Un château royal domine Vernon, le château de Bizy, qui a eu entre autres nobles propriétaires les rois Louis XV et Louis-Philippe. Le corps de logis datait à l'origine de 1741. Il a été entièrement refait dans un style italianisant au 19ème siècle, mais les belles écuries du 18ème ont été conservées, ainsi que le parc.
On retrouve avec étonnement dans ce petit coin de province l'esprit des magnifiques jardins de Versailles qui lui ont servi de modèle. L'ampleur n'a bien sûr rien à voir, ni l'état de conservation. Mais on passe au pied d'escaliers d'eau, devant des fontaines ornées de chevaux marins et de dauphins, on entre dans des bosquets décorés de groupes antiques, on se promène dans des allées calculées pour leur perspective.
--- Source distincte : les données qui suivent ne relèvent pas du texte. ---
(* Let $q=p^m$ with $p$ an odd prime, $q\equiv 1\pmod 3$ and $q\geq 13$. Let $\pi,\sigma\in P$. Then $hd(\pi^{\triangle},\sigma^{\triangle})=hd(\pi,\sigma)-3$ if and only if $\pi\sigma$ is an edge of $C_P(q)$.
   Context: $PGL(2,q)$ is the group of maps $x\mapsto\frac{ax+b}{cx+d}$ ($a,b,c,d\in GF(q)$, $ad\neq bc$) acting on $GF(q)\cup\{\infty\}$ with the usual conventions ($-d/c\mapsto\infty$, $\infty\mapsto a/c$ if $c\neq0$, $\infty\mapsto\infty$ if $c=0$). For $K,i\in GF(q)$ and $r\in GF(q)\setminus\{0\}$, $f_{K,r,i}$ is the element of $PGL(2,q)$ with $f_{K,r,i}(x)=K+\frac{r}{x-i}$ for $x\notin\{i,\infty\}$, $f_{K,r,i}(\infty)=K$, $f_{K,r,i}(i)=\infty$; $P$ is the set of all such $f_{K,r,i}$. $hd(\pi,\sigma)$ is the number of points at which $\pi,\sigma$ differ. With distinguished element $F=\infty$, $\pi^{\triangle}$ is the permutation with $\pi^{\triangle}(\pi^{-1}(\infty))=\pi(\infty)$, $\pi^{\triangle}(\infty)=\infty$, $\pi^{\triangle}(x)=\pi(x)$ otherwise. The contraction graph $C_P(q)$ has vertex set $PGL(2,q)$, with distinct $\pi,\sigma$ adjacent iff $hd(\pi^{\triangle},\sigma^{\triangle})=q-4$. *)

From HB Require Import structures.
From mathcomp Require Import all_boot all_order all_algebra all_field.
Set Implicit Arguments. Unset Strict Implicit. Unset Printing Implicit Defensive.
Import GRing.Theory.
Local Open Scope ring_scope.

(* The projective line GF(q) ∪ {∞} is [option F]; [None] is ∞. *)

Definition fKri (F : fieldType) (K r i : F) (x : option F) : option F :=
  match x with
  | None => Some K
  | Some y => if y == i then None else Some (K + r / (y - i))
  end.

Definition inP (F : fieldType) (pi : option F -> option F) : Prop :=
  exists K r i : F, r != 0 /\ pi = fKri K r i.

Definition hd (F : finFieldType) (pi sigma : option F -> option F) : nat :=
  #|[pred x : option F | pi x != sigma x]|%N.

Definition contr (F : fieldType) (pi : option F -> option F) (x : option F)
  : option F :=
  match x with
  | None => None
  | Some _ => if pi x == None then pi None else pi x
  end.

Definition CP_adj (F : finFieldType) (pi sigma : option F -> option F) : Prop :=
  pi <> sigma /\ hd (contr pi) (contr sigma) = (#|F| - 4)%N.

From HB Require Import structures.
From mathcomp Require Import all_boot all_order all_algebra all_field.
From mathcomp Require Import all_fingroup all_solvable ring zify.
Set Implicit Arguments. Unset Strict Implicit. Unset Printing Implicit Defensive.
Import GRing.Theory FinRing.Theory.
Local Open Scope ring_scope.

(* Two distinct maps of P agree at the roots of a nonzero quadratic, at infinity only when
   the quadratic degenerates to a linear one, hence at most twice in all.  Contracting at
   infinity only changes the values at infinity and at the two poles i, i', and adds at most
   three agreements; it adds three exactly when i <> i', K <> K', sigma(i) = K and
   pi(i') = K'.  In that case both residues equal (i - i')(K - K'), and the maps also agree
   at i' - c(i - i') for each primitive cube root of unity c, which exists as q = 1 mod 3.
   So a gain of three means two agreements before and five after the contraction, i.e.
   hd(contr pi, contr sigma) = q - 4; conversely, five agreements after contraction force
   that situation. *)

Lemma finField_cube_root_unity (F : finFieldType) :
  (#|F| %% 3 = 1)%N -> exists2 c : F, c ^+ 2 + c + 1 = 0 & c != 1.
Proof.
move=> q3.
have three_dvd : (3 %| #|[set: {unit F}]%G|)%N.
  by rewrite card_finField_unit; apply/dvdnP; exists (#|F| %/ 3)%N;
     rewrite {1}(divn_eq #|F| 3) q3 addn1.
have [x _ ox] := Cauchy (isT : prime 3) three_dvd.
have x3 : val x ^+ 3 = 1 by rewrite -val_unitX -ox expg_order val_unit1.
have x1 : val x != 1.
  apply/eqP => x_1; have : x = 1%g by apply: val_inj; rewrite x_1 val_unit1.
  by move=> x_1g; move: ox; rewrite x_1g order1.
exists (val x) => //; apply: (mulfI (_ : val x - 1 != 0)); first by rewrite subr_eq0.
have -> : (val x - 1) * (val x ^+ 2 + val x + 1) = val x ^+ 3 - 1 by ring.
by rewrite x3 subrr mulr0.
Qed.

Definition agreements (T : finType) (U : eqType) (f g : T -> U) : nat :=
  (\sum_x (f x == g x))%N.

Lemma agreements_card (T : finType) (U : eqType) (f g : T -> U) :
  agreements f g = #|[pred x | f x == g x]|.
Proof.
by rewrite -sum1_card big_mkcond; apply: eq_bigr => x _; rewrite inE; case: eqP.
Qed.

Lemma agreements_eq_off (T : finType) (U : eqType) (A : {set T})
    (f g f' g' : T -> U) :
  {in ~: A, f =1 f'} -> {in ~: A, g =1 g'} ->
  (agreements f g + \sum_(x in A) (f' x == g' x)
   = agreements f' g' + \sum_(x in A) (f x == g x))%N.
Proof.
move=> ff' gg'.
have off : (\sum_(x | x \notin A) (f x == g x) = \sum_(x | x \notin A) (f' x == g' x))%N.
  by apply: eq_bigr => x xA; rewrite ff' ?gg' ?inE.
rewrite /agreements (bigID (mem A)) [in RHS](bigID (mem A)) /= off.
by rewrite addnAC [RHS]addnAC [in RHS](addnC (\sum_(x in A) _)%N).
Qed.

Lemma hd_add_agreements (F : finFieldType) (f g : option F -> option F) :
  (hd f g + agreements f g)%N = #|F|.+1.
Proof.
rewrite /hd -card_option -sum1_card [X in (X + _)%N]big_mkcond /agreements.
by rewrite -big_split -sum1_card; apply: eq_bigr => x _; rewrite inE; case: eqP.
Qed.

Section FieldFacts.
Variable F : fieldType.
Implicit Types a b c u v x K r i : F.

Lemma linear_two_roots b c u v : u != v ->
  b * u + c = 0 -> b * v + c = 0 -> b = 0 /\ c = 0.
Proof.
move=> uv eu ev.
have b0 : b = 0.
  apply: (mulfI (_ : u - v != 0)); first by rewrite subr_eq0.
  have -> : (u - v) * b = (b * u + c) - (b * v + c) by ring.
  by rewrite eu ev subrr mulr0.
by split=> //; move: eu; rewrite b0 mul0r add0r.
Qed.

Lemma quadratic_three_roots a b c x1 x2 x3 :
  x1 != x2 -> x1 != x3 -> x2 != x3 ->
  a * x1 ^+ 2 + b * x1 + c = 0 -> a * x2 ^+ 2 + b * x2 + c = 0 ->
  a * x3 ^+ 2 + b * x3 + c = 0 -> [/\ a = 0, b = 0 & c = 0].
Proof.
move=> x12 x13 x23 e1 e2 e3.
have slope u v : u != v -> a * u ^+ 2 + b * u + c = 0 ->
    a * v ^+ 2 + b * v + c = 0 -> a * (u + v) + b = 0.
  move=> uv eu ev; apply: (mulfI (_ : u - v != 0)); first by rewrite subr_eq0.
  have -> : (u - v) * (a * (u + v) + b) = (a * u ^+ 2 + b * u + c) - (a * v ^+ 2 + b * v + c)
    by ring.
  by rewrite eu ev subrr mulr0.
have a0 : a = 0.
  apply: (mulfI (_ : x2 - x3 != 0)); first by rewrite subr_eq0.
  have -> : (x2 - x3) * a = (a * (x1 + x2) + b) - (a * (x1 + x3) + b) by ring.
  by rewrite (slope _ _ x12 e1 e2) (slope _ _ x13 e1 e3) subrr mulr0.
move: e1 e2; rewrite a0 !mul0r !add0r => e1 e2.
by have [] := linear_two_roots x12 e1 e2.
Qed.

Lemma fKri_agree_quadratic K r i K' r' i' x :
  fKri K r i (Some x) = fKri K' r' i' (Some x) ->
  (K - K') * x ^+ 2 + (r - r' - (K - K') * (i + i')) * x
    + ((K - K') * i * i' - r * i' + r' * i) = 0.
Proof.
have -> : (K - K') * x ^+ 2 + (r - r' - (K - K') * (i + i')) * x
    + ((K - K') * i * i' - r * i' + r' * i) =
    (K - K') * (x - i) * (x - i') + r * (x - i') - r' * (x - i) by ring.
rewrite /=; case: (eqVneq x i) => xi; case: (eqVneq x i') => xi' //=.
- by move=> _; rewrite -xi -xi'; ring.
- move=> [agree].
  have -> : (K - K') * (x - i) * (x - i') + r * (x - i') - r' * (x - i) =
      (x - i) * (x - i') * ((K + r / (x - i)) - (K' + r' / (x - i'))).
    by field; rewrite !subr_eq0 xi xi'.
  by rewrite agree subrr mulr0.
Qed.

Lemma fKri_eq_of_coefs K r i K' r' i' : r != 0 -> K - K' = 0 ->
  r - r' - (K - K') * (i + i') = 0 -> (K - K') * i * i' - r * i' + r' * i = 0 ->
  fKri K r i = fKri K' r' i'.
Proof.
move=> r0 /subr0_eq <-; rewrite subrr !mul0r subr0 => /subr0_eq <-.
have -> : 0 - r * i' + r * i = r * (i - i') by ring.
by move/eqP; rewrite mulf_eq0 (negbTE r0) subr_eq0 => /eqP ->.
Qed.

Lemma fKri_residues_of_swap K r i K' r' i' : i != i' ->
  Some K = fKri K' r' i' (Some i) -> fKri K r i (Some i') = Some K' ->
  r = (i - i') * (K - K') /\ r' = (i - i') * (K - K').
Proof.
move=> ii'; rewrite /= (negbTE ii') eq_sym (negbTE ii') => -[eK] [eK'].
have d0 : i - i' != 0 by rewrite subr_eq0.
have d0' : i' - i != 0 by rewrite subr_eq0 eq_sym.
by split; [rewrite -eK' | rewrite eK]; field.
Qed.

Lemma fKri_agree_cube_root c K K' i i' : c ^+ 2 + c + 1 = 0 -> i != i' ->
  fKri K ((i - i') * (K - K')) i (Some (i' - c * (i - i')))
  = fKri K' ((i - i') * (K - K')) i' (Some (i' - c * (i - i'))).
Proof.
move=> c3 ii'.
have d0 : i - i' != 0 by rewrite subr_eq0.
have : c * (1 + c) != 0.
  have -> : c * (1 + c) = -1 by rewrite -[RHS]addr0 -c3; ring.
  by rewrite oppr_eq0 oner_eq0.
rewrite mulf_eq0 negb_or => /andP[c0 c1].
have u_eq : i' - c * (i - i') - i = - (1 + c) * (i - i') by ring.
have v_eq : i' - c * (i - i') - i' = - c * (i - i') by ring.
have u0 : (i' - c * (i - i') == i) = false.
  by apply/negbTE; rewrite -subr_eq0 u_eq !mulf_neq0 ?oppr_eq0.
have v0 : (i' - c * (i - i') == i') = false.
  by apply/negbTE; rewrite -subr_eq0 v_eq !mulf_neq0 ?oppr_eq0.
rewrite /= u0 v0 u_eq v_eq; congr Some; apply/eqP; rewrite -subr_eq0.
have -> : K + (i - i') * (K - K') / (- (1 + c) * (i - i'))
    - (K' + (i - i') * (K - K') / (- c * (i - i')))
    = (K - K') * (c ^+ 2 + c + 1) / (c * (1 + c)).
  by field; rewrite !oppr_eq0 c0 c1 d0.
by rewrite c3 mulr0 mul0r.
Qed.

Lemma fKri_pole K r i : fKri K r i (Some i) = None.
Proof. by rewrite /= eqxx. Qed.

Lemma fKri_off_pole K r i y : y != i -> fKri K r i (Some y) != None.
Proof. by move=> yi; rewrite /= (negbTE yi). Qed.

Lemma contr_fKri_pole K r i : contr (fKri K r i) (Some i) = Some K.
Proof. by rewrite /contr fKri_pole. Qed.

Lemma contr_fKri_off K r i y : y != i ->
  contr (fKri K r i) (Some y) = fKri K r i (Some y).
Proof. by move=> /(fKri_off_pole K r) yi; rewrite /contr (negbTE yi). Qed.
End FieldFacts.

Section FiniteFieldFacts.
Variable F : finFieldType.
Implicit Types c K r i : F.

Lemma contr_fKri_eq_off (A : {set option F}) K r i :
  None \in A -> Some i \in A -> {in ~: A, contr (fKri K r i) =1 fKri K r i}.
Proof.
move=> NA iA [y yA|]; last by rewrite inE NA.
by apply: contr_fKri_off; apply: contraTneq yA => ->; rewrite inE iA.
Qed.

Lemma agreements_contr_fKri_same_pole K r K' r' i :
  agreements (contr (fKri K r i)) (contr (fKri K' r' i))
  = agreements (fKri K r i) (fKri K' r' i).
Proof.
have off := contr_fKri_eq_off _ _ (set21 None (Some i)) (set22 None (Some i)).
have := agreements_eq_off (off K r) (off K' r').
rewrite big_setU1 ?inE // big_set1 big_setU1 ?inE // big_set1 !contr_fKri_pole /= !eqxx.
by rewrite addn1 add1n => /addIn.
Qed.

Lemma agreements_contr_fKri K r i K' r' i' : i != i' ->
  (agreements (contr (fKri K r i)) (contr (fKri K' r' i')) + (K == K')
   = agreements (fKri K r i) (fKri K' r' i') + 1
     + (Some K == fKri K' r' i' (Some i)) + (fKri K r i (Some i') == Some K'))%N.
Proof.
move=> ii'; set A := None |: (Some i |: [set Some i']).
have NA : None \in A by rewrite !inE eqxx.
have iA : Some i \in A by rewrite !inE eqxx orbT.
have i'A : Some i' \in A by rewrite !inE eqxx !orbT.
have := agreements_eq_off (contr_fKri_eq_off K r NA iA) (contr_fKri_eq_off K' r' NA i'A).
have iNi' : Some i \notin [set Some i'] by rewrite inE.
have i'i : i' != i by rewrite eq_sym.
rewrite /A !big_setU1 ?inE // !big_set1 !contr_fKri_pole.
rewrite (contr_fKri_off _ _ ii') (contr_fKri_off _ _ i'i) !fKri_pole.
rewrite [None == _]eq_sym !(negbTE (fKri_off_pole _ _ _)) //= !addn0 => ->.
by rewrite !addnA.
Qed.

Lemma agreements_fKri_le2 K r i K' r' i' : r != 0 ->
  fKri K r i <> fKri K' r' i' -> (agreements (fKri K r i) (fKri K' r' i') <= 2)%N.
Proof.
move=> r0 neq; rewrite agreements_card leqNgt.
apply/card_gt2P => -[x [y [z [[ax ay az] [xy yz zx]]]]].
set a := K - K'; set b := r - r' - (K - K') * (i + i').
set c := (K - K') * i * i' - r * i' + r' * i.
suff [a0 b0 c0] : [/\ a = 0, b = 0 & c = 0] by apply: neq; apply: fKri_eq_of_coefs.
have root u : Some u \in [pred x | fKri K r i x == fKri K' r' i' x] ->
    a * u ^+ 2 + b * u + c = 0.
  by rewrite inE => /eqP; apply: fKri_agree_quadratic.
have affine u v : None \in [pred x | fKri K r i x == fKri K' r' i' x] -> u != v ->
    Some u \in [pred x | fKri K r i x == fKri K' r' i' x] ->
    Some v \in [pred x | fKri K r i x == fKri K' r' i' x] -> [/\ a = 0, b = 0 & c = 0].
  rewrite inE => /eqP [eK] uv /root eu /root ev.
  have a0 : a = 0 by rewrite /a eK subrr.
  rewrite a0 !mul0r !add0r in eu ev.
  by have [] := linear_two_roots uv eu ev.
case: x y z ax ay az xy yz zx => [x|] [y|] [z|] // ax ay az xy yz zx.
- have xz : x != z by rewrite eq_sym.
  exact: quadratic_three_roots xy xz yz (root _ ax) (root _ ay) (root _ az).
- exact: affine _ _ az xy ax ay.
- have xz : x != z by rewrite eq_sym.
  exact: affine _ _ ay xz ax az.
- exact: affine _ _ ax yz ay az.
Qed.

Lemma agreements_contr_fKri_le K r i K' r' i' :
  (agreements (contr (fKri K r i)) (contr (fKri K' r' i'))
   <= agreements (fKri K r i) (fKri K' r' i') + 3)%N.
Proof.
case: (eqVneq i i') => [<-|ii'].
  by rewrite agreements_contr_fKri_same_pole leq_addr.
have := agreements_contr_fKri K r K' r' ii'; lia.
Qed.

Lemma agreements_contr_fKri_eq_add3 K r i K' r' i' :
  agreements (contr (fKri K r i)) (contr (fKri K' r' i'))
    = (agreements (fKri K r i) (fKri K' r' i') + 3)%N ->
  [&& i != i', K != K', Some K == fKri K' r' i' (Some i)
    & fKri K r i (Some i') == Some K'].
Proof.
case: (eqVneq i i') => [<-|ii'].
  by rewrite agreements_contr_fKri_same_pole; lia.
have := agreements_contr_fKri K r K' r' ii'; lia.
Qed.

Lemma agreements_fKri_ge2 c K r i K' r' i' :
  c ^+ 2 + c + 1 = 0 -> c != 1 -> i != i' ->
  Some K = fKri K' r' i' (Some i) -> fKri K r i (Some i') = Some K' ->
  (2 <= agreements (fKri K r i) (fKri K' r' i'))%N.
Proof.
move=> c3 c1 ii' eK eK'; have [-> ->] := fKri_residues_of_swap ii' eK eK'.
have c2_root : (c ^+ 2) ^+ 2 + c ^+ 2 + 1 = 0.
  have -> : (c ^+ 2) ^+ 2 + c ^+ 2 + 1 = (c ^+ 2 + c + 1) * (c ^+ 2 - c + 1) by ring.
  by rewrite c3 mul0r.
have c0 : c != 0 by apply: contra_eq_neq c3 => ->; rewrite expr0n !add0r oner_eq0.
rewrite agreements_card; apply/card_gt1P.
exists (Some (i' - c * (i - i'))), (Some (i' - c ^+ 2 * (i - i'))).
rewrite !inE !fKri_agree_cube_root //; split=> //.
have : c * (c - 1) * (i - i') != 0 by rewrite !mulf_neq0 // subr_eq0.
apply: contraNneq => -[e]; apply/eqP.
by transitivity ((i' - c * (i - i')) - (i' - c ^+ 2 * (i - i'))); [ring | rewrite e subrr].
Qed.
End FiniteFieldFacts.

Theorem lemma11 (F : finFieldType) (p m : nat)
  (hp : prime p) (hodd : odd p) (hq : #|F| = (p ^ m)%N)
  (h3 : (#|F| %% 3 = 1)%N) (h13 : (13 <= #|F|)%N)
  (pi sigma : option F -> option F) (hpi : inP pi) (hsigma : inP sigma) :
  (hd (contr pi) (contr sigma) + 3)%N = hd pi sigma <-> CP_adj pi sigma.
Proof.
move: hpi hsigma => [K [r [i [r0 epi]]]] [K' [r' [i' [_ esigma]]]]; subst pi sigma.
(* The ascriptions select the [finType] instance on [option F] that the lemmas on [fKri]
   use, so that [lia] identifies the [agreements] atoms. *)
have hdA : (hd (fKri K r i) (fKri K' r' i') + agreements (fKri K r i) (fKri K' r' i'))%N
  = #|F|.+1 := hd_add_agreements _ _.
have hdC : (hd (contr (fKri K r i)) (contr (fKri K' r' i'))
    + agreements (contr (fKri K r i)) (contr (fKri K' r' i')))%N
  = #|F|.+1 := hd_add_agreements _ _.
have leC := agreements_contr_fKri_le K r i K' r' i'.
rewrite /CP_adj; split=> [gain | [neq hd4]].
- have /and4P[ii' KK' /eqP eK /eqP eK'] : [&& i != i', K != K',
      Some K == fKri K' r' i' (Some i) & fKri K r i (Some i') == Some K'].
    by apply: agreements_contr_fKri_eq_add3; lia.
  have neq : fKri K r i <> fKri K' r' i'.
    by move=> /(congr1 (fun f => f None)) [eqK]; rewrite eqK eqxx in KK'.
  have [c c3 c1] := finField_cube_root_unity h3.
  have := agreements_fKri_ge2 c3 c1 ii' eK eK'.
  have := agreements_fKri_le2 r0 neq.
  by split=> //; lia.
- have := agreements_fKri_le2 r0 neq; lia.
Qed.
Voilà longtemps que l'eau ne jaillit plus des fontaines. Les captages de sources en amont demanderaient à être refaits, on devine une facture pharaonique. Il reste ces animaux fantasques finement taillés dans la pierre, ces bassins moussus, ces margelles chantournées.
Le domaine appartient à des propriétaires privés qui s'emploient à le maintenir de leur mieux en état. Le tarif élevé du billet d'entrée est justifié par la nécessité de coûteux travaux. Si la visite du château assez succincte laisse un peu le visiteur sur sa faim, pour l'amateur de photos, le parc est un régal.
Tout a été pensé en architecte, alignements, vues, perspectives, et la recherche du bon cadrage amène à découvrir ces tracés inscrits dans les pierres et dans les arbres.
Telle petite statue, mignonne vue de près, prend tout son sens quand on s'aperçoit qu'elle s'encadre pile dans le porche quand on se place au milieu de la cour d'honneur.
Au bout du jardin, la vue spectaculaire s'ouvre sur l'avenue des Capucins et ses quatre rangées de tilleuls taillés qui s'étirent jusqu'à la Seine sur un kilomètre et demi.
Le plus impressionnant, c'est l'ampleur que devaient avoir les jeux d'eau. Le château de Bizy est construit à flanc de colline. Le concepteur des jardins a tiré parti de la pente naturelle du terrain pour imaginer tout un ensemble de pièces d'eau, bassins et fontaines qui se succèdent jusqu'au château. Arrivée là, l'eau disparaissait sous le bâtiment pour rejaillir de l'autre côté dans de nouveaux bassins !
Il y a dans cette conception le goût du tour de force architectural propre au grand siècle, l'amour de la rigueur et de la géométrie. Mais ici la symétrie n'est qu'apparente, et la ligne droite agrémentée de monstres marins adorablement excentriques, dont les yeux écarquillés ont dû voir passer bien des crinolines.